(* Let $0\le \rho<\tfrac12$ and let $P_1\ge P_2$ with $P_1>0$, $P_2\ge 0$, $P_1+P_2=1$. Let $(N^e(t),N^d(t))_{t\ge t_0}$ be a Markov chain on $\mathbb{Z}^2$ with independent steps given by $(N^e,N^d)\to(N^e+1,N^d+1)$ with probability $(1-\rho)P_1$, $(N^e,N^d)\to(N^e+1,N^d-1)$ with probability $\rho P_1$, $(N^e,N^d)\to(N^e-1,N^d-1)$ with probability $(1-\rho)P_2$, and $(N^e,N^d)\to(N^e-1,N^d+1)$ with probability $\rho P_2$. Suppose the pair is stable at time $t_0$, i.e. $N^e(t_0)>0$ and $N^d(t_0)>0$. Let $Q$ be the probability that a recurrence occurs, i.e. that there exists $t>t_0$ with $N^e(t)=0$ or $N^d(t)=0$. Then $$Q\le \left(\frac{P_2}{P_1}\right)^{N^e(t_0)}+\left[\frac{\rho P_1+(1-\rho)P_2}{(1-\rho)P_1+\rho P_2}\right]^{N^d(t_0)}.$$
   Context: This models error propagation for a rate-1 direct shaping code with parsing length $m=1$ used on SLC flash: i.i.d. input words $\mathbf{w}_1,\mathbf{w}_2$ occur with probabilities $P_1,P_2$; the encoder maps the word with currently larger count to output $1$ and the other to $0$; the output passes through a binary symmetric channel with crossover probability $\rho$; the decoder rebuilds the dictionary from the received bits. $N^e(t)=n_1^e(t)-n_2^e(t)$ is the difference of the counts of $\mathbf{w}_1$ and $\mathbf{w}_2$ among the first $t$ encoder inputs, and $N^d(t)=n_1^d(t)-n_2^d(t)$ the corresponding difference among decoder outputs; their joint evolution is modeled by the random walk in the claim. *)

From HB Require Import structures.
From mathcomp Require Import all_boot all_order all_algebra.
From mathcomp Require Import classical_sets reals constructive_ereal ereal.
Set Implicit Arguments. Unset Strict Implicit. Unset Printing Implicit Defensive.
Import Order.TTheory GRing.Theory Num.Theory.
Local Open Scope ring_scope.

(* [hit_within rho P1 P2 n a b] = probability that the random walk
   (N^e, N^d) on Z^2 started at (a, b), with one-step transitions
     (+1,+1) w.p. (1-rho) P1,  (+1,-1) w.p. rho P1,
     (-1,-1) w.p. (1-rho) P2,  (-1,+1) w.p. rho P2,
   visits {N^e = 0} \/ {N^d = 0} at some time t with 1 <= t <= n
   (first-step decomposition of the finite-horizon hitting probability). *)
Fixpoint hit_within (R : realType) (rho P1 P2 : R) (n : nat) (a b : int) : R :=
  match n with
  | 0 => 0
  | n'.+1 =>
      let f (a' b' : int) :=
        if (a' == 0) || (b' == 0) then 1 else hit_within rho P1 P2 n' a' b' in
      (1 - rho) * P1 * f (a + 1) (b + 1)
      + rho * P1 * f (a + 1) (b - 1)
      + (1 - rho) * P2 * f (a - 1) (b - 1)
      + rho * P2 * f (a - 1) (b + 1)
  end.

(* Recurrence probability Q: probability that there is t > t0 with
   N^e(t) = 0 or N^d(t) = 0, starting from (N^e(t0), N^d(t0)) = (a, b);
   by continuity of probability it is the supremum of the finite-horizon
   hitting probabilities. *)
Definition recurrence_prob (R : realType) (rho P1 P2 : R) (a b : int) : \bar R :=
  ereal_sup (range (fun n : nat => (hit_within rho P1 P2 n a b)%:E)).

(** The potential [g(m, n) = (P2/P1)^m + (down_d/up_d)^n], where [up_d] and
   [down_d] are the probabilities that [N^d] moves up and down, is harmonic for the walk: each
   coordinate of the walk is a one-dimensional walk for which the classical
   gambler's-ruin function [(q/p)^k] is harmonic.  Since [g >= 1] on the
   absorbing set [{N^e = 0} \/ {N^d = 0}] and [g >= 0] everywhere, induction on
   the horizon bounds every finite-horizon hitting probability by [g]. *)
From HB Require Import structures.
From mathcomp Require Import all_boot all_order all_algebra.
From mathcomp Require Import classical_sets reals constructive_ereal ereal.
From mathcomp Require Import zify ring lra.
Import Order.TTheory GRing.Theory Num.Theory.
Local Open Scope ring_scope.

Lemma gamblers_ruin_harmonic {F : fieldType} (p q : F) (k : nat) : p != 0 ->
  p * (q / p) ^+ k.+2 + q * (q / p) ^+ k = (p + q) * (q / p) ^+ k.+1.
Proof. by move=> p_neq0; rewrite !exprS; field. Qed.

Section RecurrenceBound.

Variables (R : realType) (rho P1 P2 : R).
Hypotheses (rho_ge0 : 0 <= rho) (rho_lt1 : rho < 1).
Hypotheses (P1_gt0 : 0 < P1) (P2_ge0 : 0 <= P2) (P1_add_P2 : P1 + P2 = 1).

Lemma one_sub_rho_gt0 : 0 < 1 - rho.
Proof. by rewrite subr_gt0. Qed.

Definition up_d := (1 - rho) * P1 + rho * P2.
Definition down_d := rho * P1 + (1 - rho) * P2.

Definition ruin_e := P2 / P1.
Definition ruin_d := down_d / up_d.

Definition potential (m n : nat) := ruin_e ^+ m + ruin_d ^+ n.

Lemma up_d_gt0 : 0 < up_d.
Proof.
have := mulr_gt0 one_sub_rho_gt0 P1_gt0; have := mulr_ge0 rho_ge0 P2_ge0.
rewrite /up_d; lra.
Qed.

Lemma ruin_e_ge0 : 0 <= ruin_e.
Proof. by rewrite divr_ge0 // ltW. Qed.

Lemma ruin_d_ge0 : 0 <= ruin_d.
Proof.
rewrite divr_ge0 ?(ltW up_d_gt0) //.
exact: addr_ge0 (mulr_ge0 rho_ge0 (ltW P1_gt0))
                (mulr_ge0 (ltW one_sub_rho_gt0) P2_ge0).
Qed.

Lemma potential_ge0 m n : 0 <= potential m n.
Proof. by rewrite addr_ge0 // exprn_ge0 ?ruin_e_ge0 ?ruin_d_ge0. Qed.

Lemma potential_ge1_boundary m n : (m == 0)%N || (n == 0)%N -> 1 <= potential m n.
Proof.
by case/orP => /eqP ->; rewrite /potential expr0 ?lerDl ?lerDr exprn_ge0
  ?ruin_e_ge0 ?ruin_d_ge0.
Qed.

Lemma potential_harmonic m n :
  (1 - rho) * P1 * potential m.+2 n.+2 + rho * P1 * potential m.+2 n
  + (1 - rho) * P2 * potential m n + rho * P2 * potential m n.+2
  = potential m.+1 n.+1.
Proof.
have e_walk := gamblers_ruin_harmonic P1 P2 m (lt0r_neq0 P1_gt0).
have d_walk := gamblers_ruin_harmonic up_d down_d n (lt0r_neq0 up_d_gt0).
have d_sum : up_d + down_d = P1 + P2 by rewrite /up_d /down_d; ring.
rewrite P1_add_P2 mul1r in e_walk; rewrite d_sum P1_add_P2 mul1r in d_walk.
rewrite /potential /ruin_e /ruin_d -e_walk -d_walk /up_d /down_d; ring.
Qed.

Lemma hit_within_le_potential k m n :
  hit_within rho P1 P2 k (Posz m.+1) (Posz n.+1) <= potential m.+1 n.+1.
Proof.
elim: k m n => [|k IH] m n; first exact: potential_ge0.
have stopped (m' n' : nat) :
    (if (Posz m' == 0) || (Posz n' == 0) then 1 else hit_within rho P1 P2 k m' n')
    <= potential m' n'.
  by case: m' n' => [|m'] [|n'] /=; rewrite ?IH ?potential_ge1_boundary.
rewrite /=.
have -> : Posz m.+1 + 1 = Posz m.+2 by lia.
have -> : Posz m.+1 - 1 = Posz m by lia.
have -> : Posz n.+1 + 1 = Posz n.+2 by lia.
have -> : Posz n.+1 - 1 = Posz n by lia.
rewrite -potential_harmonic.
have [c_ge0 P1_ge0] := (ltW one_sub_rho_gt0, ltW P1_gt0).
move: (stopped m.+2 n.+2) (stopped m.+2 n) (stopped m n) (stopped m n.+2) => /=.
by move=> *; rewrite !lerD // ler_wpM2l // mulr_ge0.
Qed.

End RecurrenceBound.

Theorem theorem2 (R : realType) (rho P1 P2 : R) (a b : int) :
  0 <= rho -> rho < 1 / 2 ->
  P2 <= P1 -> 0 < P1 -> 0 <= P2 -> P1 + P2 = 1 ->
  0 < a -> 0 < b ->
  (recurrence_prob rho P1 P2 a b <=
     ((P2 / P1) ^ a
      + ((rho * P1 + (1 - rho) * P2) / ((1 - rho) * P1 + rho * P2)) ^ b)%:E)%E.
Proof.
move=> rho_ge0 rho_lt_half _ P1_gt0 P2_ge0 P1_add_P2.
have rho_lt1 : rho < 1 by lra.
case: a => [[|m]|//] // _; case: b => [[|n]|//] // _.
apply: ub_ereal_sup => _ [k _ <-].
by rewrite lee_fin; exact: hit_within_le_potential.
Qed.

━━━━━━━━

▶ What you should do
Produce only the lines from the line containing "Lemma potential_ge0 m n : 0 <= potential m n." through the line containing "Lemma potential_harmonic m", inclusive of both, exactly as they stand in the entries above.

▶ Task solution
Lemma potential_ge0 m n : 0 <= potential m n.
Proof. by rewrite addr_ge0 // exprn_ge0 ?ruin_e_ge0 ?ruin_d_ge0. Qed.

Lemma potential_ge1_boundary m n : (m == 0)%N || (n == 0)%N -> 1 <= potential m n.
Proof.
by case/orP => /eqP ->; rewrite /potential expr0 ?lerDl ?lerDr exprn_ge0
  ?ruin_e_ge0 ?ruin_d_ge0.
Qed.

Lemma potential_harmonic m n :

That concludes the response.